WHAT YOU WILL DO
Look through the entries below and extract exactly the lines from the one containing "Lemma size_prev_aux (pre" through the one containing "congr (_ :: _); have", ends included.

━━━━━━━━

(* Let $T$ be a p-string of length $n$ and let $1<i\le n$. Let $v_{i-1}$ be the node of $\mathrm{PPH}(T[i-1..])$ with id $i-1$ (the node inserted when passing from $\mathrm{PPH}(T[i..])$ to $\mathrm{PPH}(T[i-1..])$). Then in $\mathrm{PPH}(T[i-1..])$ there is no symbol $a\in\Sigma\cup\{0,\ldots,n-1\}$ for which $\mathrm{rslink}(a,v_{i-1})$ is defined.
   Context: Let $\Sigma$ and $\Pi$ be disjoint alphabets. A p-string is a finite string over $\Sigma\cup\Pi$. For a string $S$, $S[i]$ is its $i$-th character, $S[i..j]$ is the substring from position $i$ to $j$ (empty if $j<i$), and $S[i..]=S[i..|S|]$. The previous encoding $\mathrm{prev}(S)$ of a p-string $S$ of length $n$ is the sequence of length $n$ defined by: - $\mathrm{prev}(S)[i]=S[i]$ if $S[i]\in\Sigma$; - $\mathrm{prev}(S)[i]=0$ if $S[i]\in\Pi$ does not occur in $S[1..i-1]$; - $\mathrm{prev}(S)[i]=i-j$ otherwise, where $j<i$ is the largest position with $S[j]=S[i]$. Sequence hash tree. Let $\langle S_1,\ldots,S_k\rangle$ be a sequence of strings with $S_1=\varepsilon$ and with $S_i$ not a prefix of $S_j$ for any $j<i$. Its sequence hash tree is built as follows. Start from a root representing $\varepsilon$. For $i=2,\ldots,k$, insert as a new node the shortest prefix $p_i$ of $S_i$ that is not yet a node. Attach it as a child of the longest prefix $q_i$ of $S_i$ that is already a node, via an edge labeled $S_i[|q_i|+1]$. $\mathrm{PPH}(T[i..])$ is the sequence hash tree of $\langle\varepsilon,\mathrm{prev}(T[n..]),\ldots,\mathrm{prev}(T[i..])\rangle$. Nodes are identified with their root-to-node path labels, and $|v|$ is the length. The node with id $j$ is the node inserted for $\mathrm{prev}(T[j..])$. Reversed suffix links in a heap with nodes over $\Sigma\cup\{0,\ldots,n-1\}$ are defined as follows: - if $a\in\Sigma\cup\{0\}$ and $av$ is a node, then $\mathrm{rslink}(a,v)=av$; - if $a\in\{1,\ldots,n-1\}$, $v[a]=0$, and $0\,v[1..a-1]\,a\,v[a+1..|v|]$ is a node, then $\mathrm{rslink}(a,v)$ is that node; - otherwise $\mathrm{rslink}(a,v)$ is undefined. *)

From mathcomp Require Import all_boot.
Set Implicit Arguments. Unset Strict Implicit. Unset Printing Implicit Defensive.

Section PString.
Variables (Sigma Pi : eqType).

Definition pchar := (Sigma + Pi)%type.
Definition psym := (Sigma + nat)%type.

Definition prev_char (pre : seq pchar) (c : pchar) : psym :=
  match c with
  | inl a => inl a
  | inr p => if inr p \in pre then inr (index (inr p) (rev pre)).+1 else inr 0
  end.

Fixpoint prev_aux (pre : seq pchar) (s : seq pchar) : seq psym :=
  match s with
  | [::] => [::]
  | c :: s' => prev_char pre c :: prev_aux (rcons pre c) s'
  end.

Definition prev (S : seq pchar) : seq psym := prev_aux [::] S.

(* T[i..] for 1-indexed i *)
Definition suffix (T : seq pchar) (i : nat) : seq pchar := drop i.-1 T.

(* Sequence hash tree, represented by its list of nodes (path labels) in
   insertion order; the root eps comes first.  The parent of a non-root node
   is the node obtained by deleting its last symbol, and the edge label is
   that last symbol, so the node list determines the tree. *)

(* shortest prefix of s that is not yet a node *)
Definition new_node (nodes : seq (seq psym)) (s : seq psym) : seq psym :=
  take (find (fun k => take k s \notin nodes) (iota 0 (size s).+1)) s.

Definition sht_insert (nodes : seq (seq psym)) (s : seq psym) :=
  rcons nodes (new_node nodes s).

(* PPH(T[i..]) = sequence hash tree of <eps, prev(T[n..]), ..., prev(T[i..])> *)
Definition pph (T : seq pchar) (i : nat) : seq (seq psym) :=
  foldl sht_insert [:: [::]]
    [seq prev (suffix T j) | j <- rev (iota i (size T - i).+1)].

(* node with id j: inserted for prev(T[j..]) into PPH(T[j+1..]) *)
Definition node_id (T : seq pchar) (j : nat) : seq psym :=
  new_node (pph T j.+1) (prev (suffix T j)).

Definition rslink (nodes : seq (seq psym)) (n : nat) (a : psym) (v : seq psym)
  : option (seq psym) :=
  match a with
  | inl c => if (inl c :: v) \in nodes then Some (inl c :: v) else None
  | inr 0 => if (inr 0 :: v) \in nodes then Some (inr 0 :: v) else None
  | inr k =>
      let w := inr 0 :: set_nth (inr 0) v k.-1 (inr k) in
      if [&& k < n, k <= size v, nth (inr 0) v k.-1 == inr 0 & w \in nodes]
      then Some w else None
  end.

End PString.

(** Let [slink w] be the suffix link of an encoded string: drop its first
    symbol and, if that symbol was [0] (a first occurrence of a parameter),
    reset to [0] the first later entry that pointed back to it.  Then
    [slink (prev S) = prev S[2..]], and [rslink(a, v)], whenever defined,
    is a node [w] with [|w| = |v| + 1] and [slink w = v].
    By downward induction on [i], [PPH(T[i..])] is closed under prefixes and
    under [slink]: the suffix link of the new node [prev(T[i..])[1..K]] is
    [prev(T[i+1..])[1..K-1]], a prefix of the node [v'] inserted just before,
    unless [v'] is shorter; but then [v'] is a prefix of the suffix link of
    the older node [prev(T[i..])[1..K-1]], so it would not have been new.
    Finally, a node [w] of [PPH(T[i-1..])] with [slink w = v_(i-1)] and
    [|w| = |v_(i-1)| + 1] is not [v_(i-1)] itself, so it is older and
    [v_(i-1)] would already have been a node. *)

From Pilot Require Import Defs.
From mathcomp Require Import all_boot zify.
Set Implicit Arguments. Unset Strict Implicit. Unset Printing Implicit Defensive.

Lemma downward_ind2 (n : nat) (Q : nat -> Prop) :
  (forall j, n < j -> Q j) -> (forall j, j <= n -> Q j.+1 -> Q j.+2 -> Q j) ->
  forall j, Q j.
Proof.
move=> Qbig Qstep j; suff: forall d j, n.+1 - j <= d -> Q j by apply.
elim=> [|d IHd] {}j le_d; first by apply: Qbig; lia.
have [/Qbig //|le_jn] := ltnP n j.
by apply: Qstep => //; apply: IHd; lia.
Qed.

Section Encoding.
Variables (Sigma Pi : eqType).
Local Notation psym := (psym Sigma).
Local Notation pchar := (pchar Sigma Pi).

(* [cut_ref u k] resets to [0] the first entry of [u] that points back
   exactly [k] positions before the start of [u]. *)
Fixpoint cut_ref (u : seq psym) (k : nat) : seq psym :=
  if u is x :: u' then
    if x == inr k then inr 0 :: u' else x :: cut_ref u' k.+1
  else [::].

Definition slink (w : seq psym) : seq psym :=
  match w with
  | [::] => [::]
  | inr 0 :: u => cut_ref u 1
  | _ :: u => u
  end.

Lemma cut_ref_take m (u : seq psym) k :
  cut_ref (take m u) k = take m (cut_ref u k).
Proof.
elim: u m k => [|x u IHu] [|m] k //=; rewrite ?take0 //.
by case: ifP => _ //=; rewrite IHu.
Qed.

Lemma slink_take m (w : seq psym) : slink (take m.+1 w) = take m (slink w).
Proof. by case: w => [|[a|[|k]] w] //=; rewrite cut_ref_take. Qed.

Lemma cut_ref_id (v : seq psym) k :
  (forall p, nth (inr 0) v p != inr (k + p)) -> cut_ref v k = v.
Proof.
elim: v k => [|x v IHv] k no_ref //=.
move: (no_ref 0); rewrite addn0 => /negbTE ->; congr (_ :: _).
by apply: IHv => p; move: (no_ref p.+1); rewrite addSnnS.
Qed.

Lemma cut_ref_set_nth (v : seq psym) k q :
  (forall p, nth (inr 0) v p != inr (k + p)) -> q < size v ->
  nth (inr 0) v q = inr 0 -> cut_ref (set_nth (inr 0) v q (inr (k + q))) k = v.
Proof.
elim: v k q => [|x v IHv] k [|q] no_ref //= lt_q.
  by rewrite addn0 eqxx => <-.
move: (no_ref 0); rewrite addn0 => /negbTE -> v_q; congr (_ :: _).
by rewrite -addSnnS IHv // => p; move: (no_ref p.+1); rewrite addSnnS.
Qed.

Lemma size_prev_aux (pre s : seq pchar) : size (prev_aux pre s) = size s.
Proof. by elim: s pre => [|c s IHs] pre //=; rewrite IHs. Qed.

Lemma prev_char_cons_neq (c d : pchar) (pre : seq pchar) :
  d != c -> prev_char (c :: pre) d = prev_char pre d.
Proof.
case: d => [a|p] //= ne_dc.
rewrite in_cons rev_cons -cats1 index_cat mem_rev (negbTE ne_dc) /=.
by case: (inr p \in pre).
Qed.

Lemma prev_aux_cons_seen (c : pchar) (pre s : seq pchar) :
  (c \in pre) || (if c is inl _ then true else false) ->
  prev_aux (c :: pre) s = prev_aux pre s.
Proof.
elim: s pre => [|d s IHs] pre seen_c //=.
rewrite IHs; last by rewrite mem_rcons in_cons; case/orP: seen_c => ->; rewrite !orbT.
congr (_ :: _); have [->|/prev_char_cons_neq //] := eqVneq d c.
clear IHs; case: c seen_c => [a|p] //=; rewrite orbF => p_pre.
by rewrite in_cons eqxx rev_cons -cats1 index_cat !mem_rev p_pre.
Qed.

Lemma nth_prev_aux_neq (pre s : seq pchar) p :
  nth (inr 0) (prev_aux pre s) p != inr (size pre + p).+1.
Proof.
elim: s pre p => [|d s IHs] pre [|p] /=; rewrite ?nth_nil //.
  case: d => [a|q] //=; case: ifP => // q_pre; rewrite addn0.
  by apply/eqP => -[idx]; move: q_pre; rewrite -mem_rev -index_mem idx size_rev ltnn.
by move: (IHs (rcons pre d) p); rewrite size_rcons addSnnS.
Qed.

Lemma cut_ref_prev_aux (p : Pi) (pre s : seq pchar) : inr p \notin pre ->
  cut_ref (prev_aux (inr p :: pre) s) (size pre).+1 = prev_aux pre s.
Proof.
elim: s pre => [|d s IHs] pre p_pre //=.
have [->|ne_dp] := eqVneq d (inr p).
  rewrite /= in_cons eqxx rev_cons -cats1 index_cat mem_rev (negbTE p_pre).
  rewrite /= eqxx size_rev addn0 eqxx; congr (_ :: _).
  by apply: prev_aux_cons_seen; rewrite mem_rcons in_cons eqxx.
rewrite prev_char_cons_neq //.
have := nth_prev_aux_neq pre (d :: s) 0; rewrite addn0 /= => /negbTE ->.
congr (_ :: _); rewrite -(size_rcons pre d) IHs //.
by rewrite mem_rcons in_cons negb_or eq_sym ne_dp.
Qed.

Lemma slink_prev (s : seq pchar) : slink (Defs.prev s) = Defs.prev (behead s).
Proof.
case: s => [|[a|p] s] //; rewrite /Defs.prev /=; first exact: prev_aux_cons_seen.
exact: (@cut_ref_prev_aux p [::]).
Qed.

Lemma new_nodeP (nodes : seq (seq psym)) s :
  [::] \in nodes -> s \notin nodes ->
  exists K, [/\ new_node nodes s = take K s, 0 < K, K <= size s,
    new_node nodes s \notin nodes & forall k, k < K -> take k s \in nodes].
Proof.
move=> root_in s_out; set fresh := fun k => take k s \notin nodes.
have has_fresh : has fresh (iota 0 (size s).+1).
  by apply/hasP; exists (size s); rewrite /fresh ?take_size ?mem_iota ?ltnSn.
have := has_fresh; rewrite has_find size_iota ltnS => le_K.
have := nth_find 0 has_fresh; rewrite nth_iota ?ltnS // add0n => fresh_K.
exists (find fresh (iota 0 (size s).+1)); split => //.
- by move: fresh_K; case: find => //; rewrite /fresh take0 root_in.
- move=> k lt_k; have := before_find 0 lt_k.
  by rewrite nth_iota ?add0n => [/negbFE|]; last by rewrite ltnS; lia.
Qed.

Lemma rslink_slink nodes m a v w :
  (forall p, nth (inr 0) v p != inr p.+1) -> rslink nodes m a v = Some w ->
  [/\ w \in nodes, size w = (size v).+1 & slink w = v].
Proof.
move=> no_ref; case: a => [c|[|k]] /=; first by case: ifP => // ? [<-].
  by case: ifP => // ? [<-]; rewrite /= cut_ref_id.
case: ifP => // /and4P[_ le_k /eqP v_k w_in] [<-]; split => //=.
  by rewrite size_set_nth; congr _.+1; apply/maxn_idPr.
by rewrite -add1n cut_ref_set_nth // ?add1n.
Qed.

End Encoding.

Section PositionHeap.
Variables (Sigma Pi : eqType) (T : seq (pchar Sigma Pi)).
Local Notation n := (size T).
Local Notation P j := (Defs.prev (Defs.suffix T j)).
Local Notation N j := (pph T j).

Definition heap_closed (nodes : seq (seq (psym Sigma))) :=
  [/\ [::] \in nodes, forall u m, u \in nodes -> take m u \in nodes
    & forall u, u \in nodes -> slink u \in nodes].

Lemma slink_prev_suffix j : 0 < j -> slink (P j) = P j.+1.
Proof. by move=> j_gt0; rewrite slink_prev /Defs.suffix -drop1 drop_drop add1n prednK. Qed.

Lemma size_prev_suffix j : size (P j) = n - j.-1.
Proof. by rewrite /Defs.prev size_prev_aux size_drop. Qed.

(* Beyond the end, [prev(T[j..])] is empty and is inserted as a second root. *)
Lemma pph_oversize j : n < j -> N j = [:: [::]; [::]].
Proof.
move=> lt_nj; rewrite /pph (_ : n - j = 0); last by lia.
by rewrite /= /Defs.suffix drop_oversize //; lia.
Qed.

Lemma mem_pph j u : j <= n ->
  (u \in N j) = (u \in N j.+1) || (u == node_id T j).
Proof.
move=> le_jn; have [lt_jn|le_nj] := ltnP j n.
  rewrite /pph (_ : n - j = (n - j.+1).+1); last by lia.
  by rewrite /= rev_cons map_rcons foldl_rcons mem_rcons in_cons orbC.
have -> : j = n by lia.
rewrite /node_id (pph_oversize (j := n.+1)) // /pph subnn /= /new_node.
rewrite (eq_find (a2 := fun k => take k (P n) \notin [:: [::]])); last first.
  by move=> k; rewrite !inE orbb.
by rewrite !inE orbb.
Qed.

Lemma size_mem_pph j u : 0 < j -> u \in N j -> size u <= n - j.-1.
Proof.
elim/(@downward_ind2 n): j u => [j lt_nj|j le_jn IH1 _] u j_gt0.
  by rewrite pph_oversize // !inE orbb => /eqP ->.
rewrite mem_pph // => /orP[/IH1 /= le_u|/eqP ->]; first by lia.
by rewrite /node_id /new_node size_take_min size_prev_suffix geq_minr.
Qed.

Lemma node_idP j : 0 < j <= n -> [::] \in N j.+1 ->
  exists K, [/\ node_id T j = take K (P j), 0 < K, K <= size (P j),
    node_id T j \notin N j.+1 & forall k, k < K -> take k (P j) \in N j.+1].
Proof.
move=> /andP[j_gt0 le_jn] root_in; apply: new_nodeP => //.
by apply/negP => /size_mem_pph /= /(_ isT); rewrite size_prev_suffix; lia.
Qed.

Lemma mem_slink_node_id j : 0 < j <= n ->
  heap_closed (N j.+1) -> heap_closed (N j.+2) -> slink (node_id T j) \in N j.+1.
Proof.
move=> jP [root1 take1 _] [root2 take2 slink2]; have /andP[j_gt0 le_jn] := jP.
have [K [-> K_gt0 le_K _ short_in]] := node_idP jP root1.
rewrite -(prednK K_gt0) slink_take slink_prev_suffix //.
have [lt_jn|le_nj] := ltnP j n; last first.
  by rewrite /Defs.suffix drop_oversize //=; lia.
have j1P : 0 < j.+1 <= n by rewrite lt_jn.
have [K' [v'E _ _ v'_new _]] := node_idP j1P root2.
have [le_KK'|lt_K'K] := leqP K.-1 K'.
  by rewrite -(take_takel _ le_KK') -v'E take1 // mem_pph // eqxx orbT.
(* Otherwise the prefix of length [K-1] is older than [v' = node_id T j.+1],
   and [v'] is a prefix of its suffix link, so [v'] would be older too. *)
have := short_in K.-1; rewrite prednK // => /(_ (ltnSn _)).
rewrite mem_pph // => /orP[old|/eqP/(congr1 size)]; last first.
  rewrite size_prev_suffix in le_K.
  by rewrite v'E !size_take_min !size_prev_suffix; lia.
move: (slink2 _ old); rewrite (_ : K.-1 = K.-2.+1); last by lia.
rewrite slink_take slink_prev_suffix // => /(take2 _ K').
by rewrite take_takel -?v'E ?(negbTE v'_new) //; lia.
Qed.

Lemma pph_closed j : 0 < j -> heap_closed (N j).
Proof.
elim/(@downward_ind2 n): j => [j lt_nj _|j le_jn IH1 IH2 j_gt0].
  by rewrite pph_oversize //; split=> [|u m|u]; rewrite ?inE ?orbb // => /eqP ->.
have jP : 0 < j <= n by rewrite j_gt0.
have [root1 take1 slink1] := IH1 isT.
have [K [vE _ le_K _ short_in]] := node_idP jP root1.
split=> [|u m|u]; rewrite !(mem_pph _ le_jn).
- by rewrite root1.
- case/orP=> [/take1 -> //|/eqP ->].
  have [le_Km|lt_mK] := leqP K m.
    by rewrite take_oversize ?eqxx ?orbT // vE size_takel.
  by rewrite vE take_takel ?short_in // ltnW.
- case/orP=> [/slink1 -> //|/eqP ->].
  by rewrite (mem_slink_node_id jP (IH1 isT) (IH2 isT)).
Qed.

Lemma nth_node_id_neq j : 0 < j <= n ->
  forall p, nth (inr 0) (node_id T j) p != inr p.+1.
Proof.
move=> jP p; have [root1 _ _] := pph_closed (isT : 0 < j.+1).
have [K [-> _ _ _ _]] := node_idP jP root1.
have [lt_pK|le_Kp] := ltnP p K.
  by rewrite nth_take //; exact: (@nth_prev_aux_neq _ _ [::]).
by rewrite nth_default // size_take_min geq_min le_Kp.
Qed.

Lemma no_slink_preimage j w : 0 < j <= n -> w \in N j ->
  size w = (size (node_id T j)).+1 -> slink w != node_id T j.
Proof.
move=> jP; rewrite mem_pph ?(andP jP).2 // => /orP[old _|/eqP -> /n_Sn //].
have [root1 _ slink1] := pph_closed (isT : 0 < j.+1).
have [_ [_ _ _ new _]] := node_idP jP root1.
by apply: contraNneq new => <-; apply: slink1.
Qed.

End PositionHeap.

Theorem lemma6 (Sigma Pi : eqType) (T : seq (pchar Sigma Pi)) (i : nat) :
  1 < i <= size T ->
  forall a : psym Sigma,
    (match a with inl _ => True | inr k => k < size T end) ->
    rslink (pph T i.-1) (size T) a (node_id T i.-1) = None.
Proof.
move=> /andP[lt_1i le_in] a _.
have jP : 0 < i.-1 <= size T by apply/andP; split; lia.
case E: rslink => [w|] //.
have [w_in size_w slink_w] := rslink_slink (nth_node_id_neq jP) E.
by move: (no_slink_preimage jP w_in size_w); rewrite slink_w eqxx.
Qed.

━━━━━━━━

ANSWER TO THIS TASK
Lemma size_prev_aux (pre s : seq pchar) : size (prev_aux pre s) = size s.
Proof. by elim: s pre => [|c s IHs] pre //=; rewrite IHs. Qed.

Lemma prev_char_cons_neq (c d : pchar) (pre : seq pchar) :
  d != c -> prev_char (c :: pre) d = prev_char pre d.
Proof.
case: d => [a|p] //= ne_dc.
rewrite in_cons rev_cons -cats1 index_cat mem_rev (negbTE ne_dc) /=.
by case: (inr p \in pre).
Qed.

Lemma prev_aux_cons_seen (c : pchar) (pre s : seq pchar) :
  (c \in pre) || (if c is inl _ then true else false) ->
  prev_aux (c :: pre) s = prev_aux pre s.
Proof.
elim: s pre => [|d s IHs] pre seen_c //=.
rewrite IHs; last by rewrite mem_rcons in_cons; case/orP: seen_c => ->; rewrite !orbT.
congr (_ :: _); have [->|/prev_char_cons_neq //] := eqVneq d c.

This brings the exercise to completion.